[Input]:

Theorem proposition5 (R : realType) (phi : R -> R)
  (hphi : thrice_derivable phi)
  (hdens : is_log_density phi)
  (hA : pi_integrable phi (f_A phi))
  (hB : pi_integrable phi (f_B phi))
  (hC : pi_integrable phi (f_C phi))
  (hBpos : 0 < B_phi phi) :
  let A := A_phi phi in let B := B_phi phi in let C := C_phi phi in
  (* lower bound *)
  (forall (mu : probability R R) (g : R),
     symmetric_prob mu -> centred mu ->
     (\int[mu]_x (x ^+ 2)%:E = 1)%E ->
     mu.-integrable setT (fun x => (x ^+ 6)%:E) ->
     theta2 A B C g (moment mu 4) (moment mu 6) >= (A - C ^+ 2 / B) / 144
     /\ (A - C ^+ 2 / B) / 144 >= 0)
  /\
  (* the bound is approached *)
  (forall (mu : probability R R) (g : R),
     symmetric_prob mu -> centred mu ->
     (\int[mu]_x (x ^+ 2)%:E = 1)%E ->
     mu.-integrable setT (fun x => (x ^+ 6)%:E) ->
     1 < moment mu 4 -> moment mu 6 = moment mu 4 ^+ 2 ->
     g = (moment mu 4 * (C - 3 * B) + 6 * B) / (12 * B * (moment mu 4 - 1)) ->
     theta2 A B C g (moment mu 4) (moment mu 6)
       = moment mu 4 ^+ 2 / 144 * (A - C ^+ 2 / B))
  /\
  ((fun t : R => t ^+ 2 / 144 * (A - C ^+ 2 / B)) @ 1^'+
     --> (A - C ^+ 2 / B) / 144)
  /\
  (* the three-point distributions nu(a) *)
  (forall (a : R), 1 < a -> forall nu : probability R R,
     nu [set Num.sqrt a] = (1 / (2 * a))%:E ->
     nu [set - Num.sqrt a] = (1 / (2 * a))%:E ->
     nu [set 0] = (1 - 1 / a)%:E ->
     symmetric_prob nu /\ centred nu /\
     (\int[nu]_x (x ^+ 2)%:E = 1)%E /\
     (\int[nu]_x (x ^+ 4)%:E = a%:E)%E /\
     (\int[nu]_x (x ^+ 6)%:E = (a ^+ 2)%:E)%E).
Proof.
move=> A B C.
have K_ge0 : 0 <= A - C ^+ 2 / B.
  by rewrite subr_ge0 ler_pdivrMr // mulrC C_phi_sqr_le.
split; [|split; [|split]].
-
  move=> mu g _ _ mu2 I6.
  have [m4_ge1 m4_m6] := moment4_bounds (congr1 fine mu2) I6.
  by split; [exact: theta2_ge_bound | exact: divr_ge0].
- move=> mu g _ _ _ _ m4_gt1 -> ->.
  by rewrite theta2_optimal ?gt_eqF.
- exact: cvg_sqr_div_at_right.
- move=> a a_gt1 nu; exact: three_point_law_moments.
Qed.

[Exercise prompt]: The records above should be printed exactly, please, from the first line through the line containing "(* lower bound *)", with both ends kept and nothing past it.

[Expected output]:
Theorem proposition5 (R : realType) (phi : R -> R)
  (hphi : thrice_derivable phi)
  (hdens : is_log_density phi)
  (hA : pi_integrable phi (f_A phi))
  (hB : pi_integrable phi (f_B phi))
  (hC : pi_integrable phi (f_C phi))
  (hBpos : 0 < B_phi phi) :
  let A := A_phi phi in let B := B_phi phi in let C := C_phi phi in
  (* lower bound *)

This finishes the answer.